Ele é um amor. Pergunto-me o que dá na cabeça de uma mulher pra deixar alguém tão doce, inteligente e extremamente gostoso como esse. Acho que agora sei exatamente como ele era quando estava com ela. E pensar que eu não sou a primeira a quem o Nick amou me dói. Eu sei que é loucura e que eu não deveria, mas não consigo evitar o pensamento ruim de saber que tudo o que ele faz por mim, ele aprendeu fazendo por outra mulher.

— Tudo o que eu quero que faça por mim agora é me levar até essa piscina maravilhosa e me deixar segurar em seu pescoço enquanto flutuamos na água.
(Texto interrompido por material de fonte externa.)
(* For all $r,t>0$ the function $z\mapsto u(z;r,t)$, $z\in\left[0,\frac{Q(r)P(r)d}{Q(t)P(t)}\right]$, is the profile of a rotationally symmetric hypersurface of constant mean curvature $\eta(t)=\frac{nQ(t)P(t)}{d}$, i.e. $H(u(\cdot;r,t))\equiv\eta(t)$ on this interval, and moreover \[ u_z(0;r,t)=u_z\!\left(\tfrac{Q(r)P(r)d}{Q(t)P(t)};r,t\right)=0 . \]
   Context: Fix an integer $n\ge2$ and $d>0$. Define $Q:(0,\infty)\to\mathbb{R}$ by $Q(t)=\frac{1-t^{n-1}}{1-t^n}$ for $t\neq1$ and $Q(1)=\frac{n-1}{n}$. For $0\le x\le1$, $t>0$ define $R(x;t)=\frac{1}{|1-t|}\sqrt{\left(\frac{(1-(1-t)x)^{n-1}}{1-Q(t)+Q(t)(1-(1-t)x)^n}\right)^2-1}$ for $t\ne1$ and $R(x;1)=\sqrt{(n-1)(1-x)x}$. Let $\zeta(x;t)=\int_x^1R(\tilde x;t)^{-1}\,d\tilde x$ for $0\le x<1$, $\zeta(1;t)=0$, $P(t)=\zeta(0;t)$, and let $\zeta^{-1}(\cdot;t)$ denote the inverse of $x\mapsto\zeta(x;t)$ (so $\zeta^{-1}(\zeta(x;t);t)=x$). For $r,t>0$ and $z\in\left[0,\frac{Q(r)P(r)d}{Q(t)P(t)}\right]$ set $u(z;r,t)=\frac{Q(r)d}{P(t)Q(t)}\left(1-(1-r)\zeta^{-1}\left(\frac{Q(t)P(t)z}{Q(r)d};r\right)\right)$, and let $\eta(t)=\frac{nQ(t)P(t)}{d}$. Subscripts denote partial derivatives. For a positive $C^2$ function $f$ of $z$, the mean curvature of the hypersurface of revolution $\{(z,f(z)\theta):\theta\in\mathbb{S}^{n-1}\}\subset\mathbb{R}^{n+1}$ is $H(f)=\frac{-f_{zz}}{(1+f_z^2)^{3/2}}+\frac{n-1}{f\sqrt{1+f_z^2}}$. *)

From Stdlib Require Import Reals Lra ClassicalEpsilon.
Open Scope R_scope.

Definition Qf (n : nat) (t : R) : R :=
  if Req_EM_T t 1 then INR (n - 1) / INR n
  else (1 - t ^ (n - 1)) / (1 - t ^ n).

Definition Rprof (n : nat) (x t : R) : R :=
  if Req_EM_T t 1 then sqrt (INR (n - 1) * (1 - x) * x)
  else / Rabs (1 - t) *
       sqrt ((((1 - (1 - t) * x) ^ (n - 1)) /
              (1 - Qf n t + Qf n t * (1 - (1 - t) * x) ^ n)) ^ 2 - 1).

Definition improper_integral (f : R -> R) (a b l : R) : Prop :=
  forall eps, 0 < eps -> exists delta, 0 < delta /\
    forall a' b', a < a' < a + delta -> b - delta < b' < b -> a' <= b' ->
      exists pr : Riemann_integrable f a' b', Rabs (RiemannInt pr - l) < eps.

Definition zeta (n : nat) (x t : R) : R :=
  if Rlt_dec x 1 then
    epsilon (inhabits 0) (fun l => improper_integral (fun y => / Rprof n y t) x 1 l)
  else 0.

Definition Pf (n : nat) (t : R) : R := zeta n 0 t.

Definition zeta_inv (n : nat) (s t : R) : R :=
  epsilon (inhabits 0) (fun x => 0 <= x <= 1 /\ zeta n x t = s).

Definition u (n : nat) (d z r t : R) : R :=
  Qf n r * d / (Pf n t * Qf n t) *
  (1 - (1 - r) * zeta_inv n (Qf n t * Pf n t * z / (Qf n r * d)) r).

Definition eta (n : nat) (d t : R) : R := INR n * Qf n t * Pf n t / d.
Lemma O1_relations a m nu L :
  1 < a -> Mh (1/2) L -> lagrange_G a m nu L -> nu ^ 2 = m * (m - 1) -> nu <> 0 ->
  a * G_obl a L = m ^ 2 /\ (a - m) ^ 2 = a * (a - 1) * l34 L ^ 2 /\ m <= a.
Proof.
  destruct L as [p q r s t u]; unfold Mh, Defs.C1, Defs.C2, lagrange_G, G_obl;
    cbn [l12 l13 l14 l23 l24 l34].
  intros Ha [HC1 HC2] (E12 & _ & _ & E23 & E24) Hnu Hnu0.
  set (Q := q ^ 2 + r ^ 2).
  assert (Hmm : m * (m - 1) > 0) by (rewrite <- Hnu; nra).
  assert (Hm0 : m <> 0) by (intros ->; lra).
  assert (HpuQ : m * (p * u) = nu * Q).
  { unfold Q; replace (m * (p * u)) with (m * (p * u - q * t + r * s) + q * (m * t) - r * (m * s))
      by ring; rewrite HC2, E23, E24; ring. }
  assert (HpQ : (a - m) * p ^ 2 = (m - 1) * Q).
  { apply (Rmult_eq_reg_l m); [| exact Hm0].
    replace (m * ((a - m) * p ^ 2)) with (p * m * ((a - m) * p)) by ring.
    rewrite E12; replace (p * m * (nu * u)) with (nu * (m * (p * u))) by ring.
    rewrite HpuQ; replace (nu * (nu * Q)) with (nu ^ 2 * Q) by ring; rewrite Hnu; ring. }
  assert (HsQ : m * (s ^ 2 + t ^ 2) = (m - 1) * Q).
  { apply (Rmult_eq_reg_l m); [| exact Hm0].
    replace (m * (m * (s ^ 2 + t ^ 2))) with ((m * s) ^ 2 + (m * t) ^ 2) by ring.
    rewrite E23, E24; unfold Q; nra. }
  assert (Hu : m * (m - 1) * u ^ 2 = (a - m) ^ 2 * p ^ 2).
  { rewrite <- Hnu; replace (nu ^ 2 * u ^ 2) with ((nu * u) ^ 2) by ring; rewrite <- E12; ring. }
  assert (Hp : a * (a - 1) * p ^ 2 = m * (m - 1)).
  { assert (H1 : p ^ 2 + Q + (s ^ 2 + t ^ 2) + u ^ 2 = 1) by (unfold Q; lra). nra. }
  assert (Hp2 : p ^ 2 > 0).
  { apply (Rmult_lt_reg_l (a * (a - 1))); [nra | rewrite Hp; lra]. }
  assert (HQ : 0 <= Q) by (unfold Q; nra).
  assert (Hm1 : 1 < m) by nra.
  repeat split.
  - apply (Rmult_eq_reg_l (m - 1)); [| lra].
    replace ((m - 1) * (a * (a * p ^ 2 + q ^ 2 + r ^ 2)))
      with (a * ((m - 1) * a * p ^ 2 + (m - 1) * Q)) by (unfold Q; ring).
    rewrite <- HpQ; replace (a * ((m - 1) * a * p ^ 2 + (a - m) * p ^ 2))
      with (m * (a * (a - 1) * p ^ 2)) by ring.
    rewrite Hp; ring.
  - apply (Rmult_eq_reg_l (m * (m - 1))); [| lra].
    replace (m * (m - 1) * (a * (a - 1) * u ^ 2)) with (a * (a - 1) * (m * (m - 1) * u ^ 2))
      by ring.
    rewrite Hu, <- Hp; ring.
  - nra.
Qed.

Lemma O1_multiplier a m x :
  1 < a -> m <= a -> (a - m) ^ 2 = a * (a - 1) * x ^ 2 ->
  m = sqrt a * (sqrt a - sqrt (a - 1) * Rabs x).
Proof.
  intros Ha Hm Hx.
  assert (Hk : 0 <= sqrt a * sqrt (a - 1) * Rabs x)
    by (apply Rmult_le_pos; [apply Rmult_le_pos; apply sqrt_pos | apply Rabs_pos]).
  assert (Hk2 : (sqrt a * sqrt (a - 1) * Rabs x) ^ 2 = (a - m) ^ 2).
  { rewrite !Rpow_mult_distr, pow2_abs, !pow2_sqrt by lra; lra. }
  assert (Hsa : sqrt a * sqrt a = a) by (apply sqrt_sqrt; lra).
  nra.
Qed.

Lemma on_curves_of_lagrange_G a m nu L :
  1 < a -> Mh (1/2) L -> lagrange_G a m nu L ->
  on_bifurcation_curves a (l34 L) (G_obl a L).
Proof.
  intros Ha HM HG.
  (* the common determinant of the (l13, l24) and (l14, l23) blocks *)
  destruct (Req_dec (m * (1 - m) + nu * nu) 0) as [Hdet | Hdet].
  - destruct (Req_dec nu 0) as [-> | Hnu].
    + destruct HM as [HC1 HC2]; destruct HG as (E12 & E13 & E14 & E23 & E24).
      destruct L as [p q r s t u]; unfold Defs.C1, Defs.C2, G_obl, on_bifurcation_curves in *;
        cbn [l12 l13 l14 l23 l24 l34] in *.
      assert (Hm : m = 0 \/ m = 1) by (destruct (Rmult_integral m (1 - m)); lra).
      destruct Hm as [-> | ->].
      * right; right.
        assert (q = 0) by lra; assert (r = 0) by lra; assert (p = 0) by nra.
        subst; ring.
      * right; left.
        assert (s = 0) by lra; assert (t = 0) by lra; assert (p = 0) by nra.
        subst; lra.
    + destruct (O1_relations a m nu L Ha HM HG) as (HGm & Hum & Hma); [nra | exact Hnu |].
      left; apply (Rmult_eq_reg_l a); [| lra].
      rewrite HGm, (O1_multiplier a m (l34 L)) by assumption.
      rewrite Rpow_mult_distr, pow2_sqrt by lra; reflexivity.
  - destruct HG as (E12 & E13 & E14 & E23 & E24).
    destruct (linsys2_eq0 (1 - m) nu (- nu) m (l13 L) (l24 L)) as [H13 H24]; [lra | lra | lra |].
    destruct (linsys2_eq0 (1 - m) (- nu) nu m (l14 L) (l23 L)) as [H14 H23]; [lra | lra | lra |].
    apply on_curves_of_l13_l14_l23_l24_eq0; [lra | assumption ..].
Qed.

Lemma G_obl_le_O2 a L :
  1 < a -> Mh (1/2) L -> a - 1 <= a * l34 L ^ 2 -> G_obl a L <= 1 - l34 L ^ 2.
Proof.
  destruct L as [p q r s t u]; unfold Mh, Defs.C1, Defs.C2, G_obl; cbn [l12 l13 l14 l23 l24 l34].
  intros Ha [HC1 HC2] Hu.
  assert (HCS : p ^ 2 * u ^ 2 <= (q ^ 2 + r ^ 2) * (s ^ 2 + t ^ 2)).
  { replace (p ^ 2 * u ^ 2) with ((q * t - r * s) ^ 2)
      by (replace (q * t - r * s) with (p * u) by lra; ring).
    replace ((q ^ 2 + r ^ 2) * (s ^ 2 + t ^ 2))
      with ((q * t - r * s) ^ 2 + (q * s + r * t) ^ 2) by ring.
    pose proof (pow2_ge_0 (q * s + r * t)); lra. }
  destruct (Rle_or_lt (a * p ^ 2 + q ^ 2 + r ^ 2) (1 - u ^ 2)) as [| Hgt]; [assumption | exfalso].
  assert (Hp : 0 < p ^ 2) by nra.
  assert (HuQ : u ^ 2 <= (a - 1) * (q ^ 2 + r ^ 2)).
  { apply (Rmult_le_reg_l (p ^ 2)); [exact Hp | nra]. }
  nra.
Qed.

Lemma O2_le_O1 a x : 1 <= a -> 1 - x ^ 2 <= (sqrt a - sqrt (a - 1) * Rabs x) ^ 2.
Proof.
  intro Ha.
  replace ((sqrt a - sqrt (a - 1) * Rabs x) ^ 2) with
    ((sqrt a * Rabs x - sqrt (a - 1)) ^ 2 + (sqrt a ^ 2 - sqrt (a - 1) ^ 2) * (1 - Rabs x ^ 2))
    by ring.
  rewrite !pow2_sqrt, pow2_abs by lra.
  pose proof (pow2_ge_0 (sqrt a * Rabs x - sqrt (a - 1))); lra.
Qed.

Lemma crit_point_of_G_obl_eq0 a h L : 0 < a -> Mh h L -> G_obl a L = 0 -> crit_point a h L.
Proof.
  intros Ha HM HG; apply (crit_point_of_lagrange_G a h L 0 0 HM).
  destruct L as [p q r s t u]; unfold G_obl, lagrange_G in *; cbn [l12 l13 l14 l23 l24 l34] in *.
  pose proof (pow2_ge_0 q); pose proof (pow2_ge_0 r).
  assert (0 <= a * p ^ 2) by (apply Rmult_le_pos; [lra | apply pow2_ge_0]).
  assert (Hp : p ^ 2 = 0) by (apply (Rmult_eq_reg_l a); lra).
  assert (p = 0) by nra; assert (q = 0) by nra; assert (r = 0) by nra.
  subst; repeat split; ring.
Qed.

Lemma O2_crit_value a x : x ^ 2 <= 1 -> crit_value a (1/2) x (1 - x ^ 2).
Proof.
  intro Hx; exists (mkL 0 (sqrt (1 - x ^ 2)) 0 0 0 x); split; [| split].
  - apply (crit_point_of_lagrange_G a (1/2) _ 1 0).
    + unfold Mh, Defs.C1, Defs.C2; cbn [l12 l13 l14 l23 l24 l34].
      rewrite pow2_sqrt by lra; split; [field | ring].
    + unfold lagrange_G; cbn [l12 l13 l14 l23 l24 l34]; repeat split; ring.
  - reflexivity.
  - unfold G_obl; cbn [l12 l13 l14 l23 l24 l34]; rewrite pow2_sqrt by lra; ring.
Qed.

Lemma signed_root w x :
  exists nu, nu ^ 2 = w ^ 2 /\ nu * x = w * Rabs x /\ nu * Rabs x = w * x.
Proof.
  destruct (Rle_or_lt 0 x) as [Hx | Hx].
  - exists w; rewrite Rabs_pos_eq by exact Hx; repeat split; ring.
  - exists (- w); rewrite Rabs_left by exact Hx; repeat split; ring.
Qed.

(* The multiplier [m] is the one forced by [O1_multiplier]; the point is the solution
   of [lagrange_G a m nu] with [l14 = l23 = 0], normalized by the Casimirs. *)
Lemma O1_crit_value a x :
  1 < a -> a * x ^ 2 < a - 1 -> crit_value a (1/2) x ((sqrt a - sqrt (a - 1) * Rabs x) ^ 2).
Proof.
  intros Ha Hx.
  set (k := sqrt a * sqrt (a - 1)).
  set (m := sqrt a * (sqrt a - sqrt (a - 1) * Rabs x)).
  assert (Hk2 : k ^ 2 = a * (a - 1))
    by (unfold k; rewrite Rpow_mult_distr, !pow2_sqrt by lra; ring).
  assert (Hk : 0 < k) by (unfold k; apply Rmult_lt_0_compat; apply sqrt_lt_R0; lra).
  assert (Ham : a - m = k * Rabs x).
  { unfold m, k; rewrite <- (sqrt_sqrt a) at 1 by lra; ring. }
  assert (Hkx : (k * Rabs x) ^ 2 = a * (a - 1) * x ^ 2)
    by (rewrite Rpow_mult_distr, Hk2, pow2_abs; ring).
  assert (Hm : 1 < m) by (pose proof (Rabs_pos x); nra).
  assert (Hma : 0 <= a - m) by (rewrite Ham; pose proof (Rabs_pos x); nra).
  assert (HGm : a * (sqrt a - sqrt (a - 1) * Rabs x) ^ 2 = m ^ 2)
    by (unfold m; rewrite Rpow_mult_distr, pow2_sqrt by lra; ring).
  clearbody k m.
  set (w := sqrt (m * (m - 1))); set (z := sqrt ((a - m) / m)).
  assert (Hw : w ^ 2 = m * (m - 1)) by (apply pow2_sqrt; nra).
  assert (Hz : m * z ^ 2 = a - m)
    by (unfold z; rewrite pow2_sqrt; [field | apply Rdiv_le_0_compat]; lra).
  clearbody w z.
  destruct (signed_root w x) as (nu & Hnu & Hnux & Hnuax).
  assert (Hkx2 : k ^ 2 * x ^ 2 = (a - m) ^ 2)
    by (rewrite Ham, Rpow_mult_distr, pow2_abs; ring).
  assert (Hnuz : nu ^ 2 * z ^ 2 = (m - 1) * (a - m)) by (rewrite Hnu, Hw, <- Hz; ring).
  exists (mkL (w / k) (m * z / k) 0 0 (nu * z / k) x); split; [| split].
  - apply (crit_point_of_lagrange_G a (1/2) _ m nu).
    + unfold Mh, Defs.C1, Defs.C2; cbn [l12 l13 l14 l23 l24 l34]; split.
      * replace ((w / k) ^ 2 + (m * z / k) ^ 2 + 0 ^ 2 + 0 ^ 2 + (nu * z / k) ^ 2 + x ^ 2)
          with ((w ^ 2 + m * (m * z ^ 2) + nu ^ 2 * z ^ 2 + k ^ 2 * x ^ 2) / k ^ 2)
          by (field; lra).
        rewrite Hw, Hz, Hnuz, Hkx2, Hk2; field; nra.
      * replace (w / k * x - m * z / k * (nu * z / k) + 0 * 0)
          with ((w * x * k - nu * (m * z ^ 2)) / k ^ 2) by (field; lra).
        rewrite Hz, Ham, (Rmult_comm k), <- Rmult_assoc, Hnuax; unfold Rdiv; ring.
    + unfold lagrange_G; cbn [l12 l13 l14 l23 l24 l34]; repeat split.
      * rewrite Ham, Hnux; field; lra.
      * replace (- nu * (nu * z / k)) with (- (nu ^ 2) * z / k) by (field; lra).
        rewrite Hnu, Hw; field; lra.
      * ring.
      * ring.
      * field; lra.
  - reflexivity.
  - cbn [l34]; unfold G_obl; cbn [l12 l13 l14].
    apply (Rmult_eq_reg_l a); [| lra].
    rewrite HGm.
    replace (a * (a * (w / k) ^ 2 + (m * z / k) ^ 2 + 0 ^ 2))
      with ((a * a * w ^ 2 + a * m * (m * z ^ 2)) / k ^ 2) by (field; lra).
    rewrite Hw, Hz, Hk2; field; nra.
Qed.

Lemma on_curves_of_crit_point a L :
  1 < a -> crit_point a (1/2) L -> on_bifurcation_curves a (l34 L) (G_obl a L).
Proof.
  intros Ha HL.
  destruct (lagrange_of_crit_point a (1/2) L) as [[m [nu HG]] | [c [d Hl34]]];
    [lra | exact HL | |].
  - exact (on_curves_of_lagrange_G a m nu L Ha (proj1 HL) HG).
  - apply (on_curves_of_lagrange_l34 a c d L); [lra | exact (proj1 HL) | exact Hl34].
Qed.

Lemma l34_sq_le_1 L : Mh (1/2) L -> l34 L ^ 2 <= 1.
Proof.
  destruct L as [p q r s t u]; unfold Mh, Defs.C1; cbn [l12 l13 l14 l23 l24 l34]; intros [HC1 _].
  pose proof (pow2_ge_0 p); pose proof (pow2_ge_0 q); pose proof (pow2_ge_0 r).
  pose proof (pow2_ge_0 s); pose proof (pow2_ge_0 t); lra.
Qed.

(* Where [a l34^2 >= a - 1], the image lies below O2 and O2 below O1, so the points
   of O1 in the image lie on O2. *)
Lemma crit_value_of_image_on_curves a x y :
  1 < a -> in_image a (1/2) x y -> on_bifurcation_curves a x y -> crit_value a (1/2) x y.
Proof.
  intros Ha [L [HM [-> ->]]] [HO1 | [HO2 | HO3]].
  - destruct (Rlt_or_le (a * l34 L ^ 2) (a - 1)) as [Hin | Hout].
    + rewrite HO1; apply O1_crit_value; assumption.
    + assert (HG : G_obl a L = 1 - l34 L ^ 2).
      { pose proof (G_obl_le_O2 a L Ha HM Hout); pose proof (O2_le_O1 a (l34 L)); lra. }
      rewrite HG; apply O2_crit_value, l34_sq_le_1, HM.
  - rewrite HO2; apply O2_crit_value, l34_sq_le_1, HM.
  - exists L; split; [apply crit_point_of_G_obl_eq0 | split]; auto; lra.
Qed.

Theorem proposition5 (a : R) (ha : 1 < a) (x y : R) :
  crit_value a (1/2) x y <->
  (in_image a (1/2) x y /\
   (y = (sqrt a - sqrt (a - 1) * Rabs x) ^ 2 \/ y = 1 - x ^ 2 \/ y = 0)).
Proof.
  split.
  - intros [L [HL [-> ->]]]; split.
    + exists L; split; [exact (proj1 HL) | split; reflexivity].
    + exact (on_curves_of_crit_point a L ha HL).
  - intros [Him Hcurves]; exact (crit_value_of_image_on_curves a x y ha Him Hcurves).
Qed.
Theorem mainTheorem3
  (R : realFieldType) (V : finType) (pt : V -> 'rV[R]_2)
  (F : {set {set V}}) (src : {set V} -> V)
  (m : nat) (r0 : int) (r : {set V} -> int)
  (sigma t1 t2 t3 : {set V}) (g1 g2 g3 : V) (l1 l2 l3 : {mpoly R[2]})
  (hT : is_triangulation pt F) (hO : orientation F src)
  (hr0 : -1 <= r0)
  (hr : forall e, interior_edge F e -> r e = r0 \/ r e = -1)
  (hsigma : sigma \in F)
  (ht1 : t1 \subset sigma) (ht2 : t2 \subset sigma) (ht3 : t3 \subset sigma)
  (hi1 : interior_edge F t1) (hi2 : interior_edge F t2) (hi3 : interior_edge F t3)
  (hrt1 : r t1 = r0) (hrt2 : r t2 = r0) (hrt3 : r t3 = r0)
  (hg1 : t1 :&: t2 = [set g1]) (hg2 : t2 :&: t3 = [set g2])
  (hg3 : t3 :&: t1 = [set g3])
  (hv1 : interior_vertex F g1) (hv2 : interior_vertex F g2)
  (hv3 : interior_vertex F g3)
  (hn1 : forall e, interior_edge F e -> g1 \in e -> r e != -1)
  (hn2 : forall e, interior_edge F e -> g2 \in e -> r e != -1)
  (hn3 : forall e, interior_edge F e -> g3 \in e -> r e != -1)
  (hl1 : affine_form l1) (hl2 : affine_form l2) (hl3 : affine_form l3)
  (hz1 : forall v, v \in t1 -> peval l1 (pt v) = 0)
  (hz2 : forall v, v \in t2 -> peval l2 (pt v) = 0)
  (hz3 : forall v, v \in t3 -> peval l3 (pt v) = 0) :
  let s := drop_edges r t1 t2 t3 in
  let J1 := Jvert pt F src m r g1 in
  let J2 := Jvert pt F src m r g2 in
  let J3 := Jvert pt F src m r g3 in
  let Pm3 := triple (Pm m) (Pm m) (Pm m) in
  let target_num := Pm m in
  let target_den := subsum (subsum J1 J2) J3 in
  [/\ (* phi is well defined on the quotients *)
      (forall x, triple (pgen m (l1 ^+ absz (r0 + 1)))
                        (pgen m (l2 ^+ absz (r0 + 1)))
                        (pgen m (l3 ^+ absz (r0 + 1))) x ->
                 triple J1 J2 J3 (phi_map x)),
      (* coker phi = (P_m^3) / (J1 + J2 + J3 (+) image phi) ~ P_m / (J1+J2+J3) *)
      quot_iso Pm3 (subsum (triple J1 J2 J3) (subimg (@phi_map R) Pm3))
               target_num target_den &
      (* H_0(I^s / I^r) ~ P_m / (J1 + J2 + J3) *)
      quot_iso (H0_quot_num pt F src m s) (H0_quot_den pt F src m r s)
               target_num target_den].
Proof.
(* The constraints hr0, hr, hn1-hn3 on the values of r are not needed here. *)
move=> s J1 J2 J3 Pm3 tn td.
case: hT => pt_inj hface _ _ _.
have [E1 E2 E3 [d13 d21 d32]] := triangle_edges (proj1 (hface _ hsigma))
  (interior_edge_card hi1) (interior_edge_card hi2) (interior_edge_card hi3)
  ht1 ht2 ht3 hg1 hg2 hg3.
split.
- move=> x [h1 h2 h3]; rewrite -hrt1 in h1; rewrite -hrt2 in h2; rewrite -hrt3 in h3.
  apply: (phi_map_Jvert hi1 hi2 hi3 E1 E2 E3); split.
  + exact: Jedge_affine_form pt_inj hO hi1 hl1 hz1 h1.
  + exact: Jedge_affine_form pt_inj hO hi2 hl2 hz2 h2.
  + exact: Jedge_affine_form pt_inj hO hi3 hl3 hz3 h3.
- by apply: coker_phi_iso; try exact: Pm_subspace; try exact: Jvert_subspace;
    exact: Jvert_Pm.
- exact: H0_quot_iso.
Qed.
— Eu não acho que seja uma boa ideia, Ellen. — de repente ele volta a ficar sério.

— Tudo bem, Nick. Eu confio em você.

Com olhos pidões eu consigo convencê-lo a nadar um pouco comigo. Sorrindo ele tira a camisa sobre a cabeça de uma forma que sempre gostei de ver. Depois tira o calção e ficou apenas em sua boxer. Eu o imito e tiro a blusa e o sutiã. Meu shortinho eu deixo que ele tire. Eu gostaria de estar sentindo suas mãos nas minhas coxas enquanto ele me toca pra terminar de tirar a minha roupa.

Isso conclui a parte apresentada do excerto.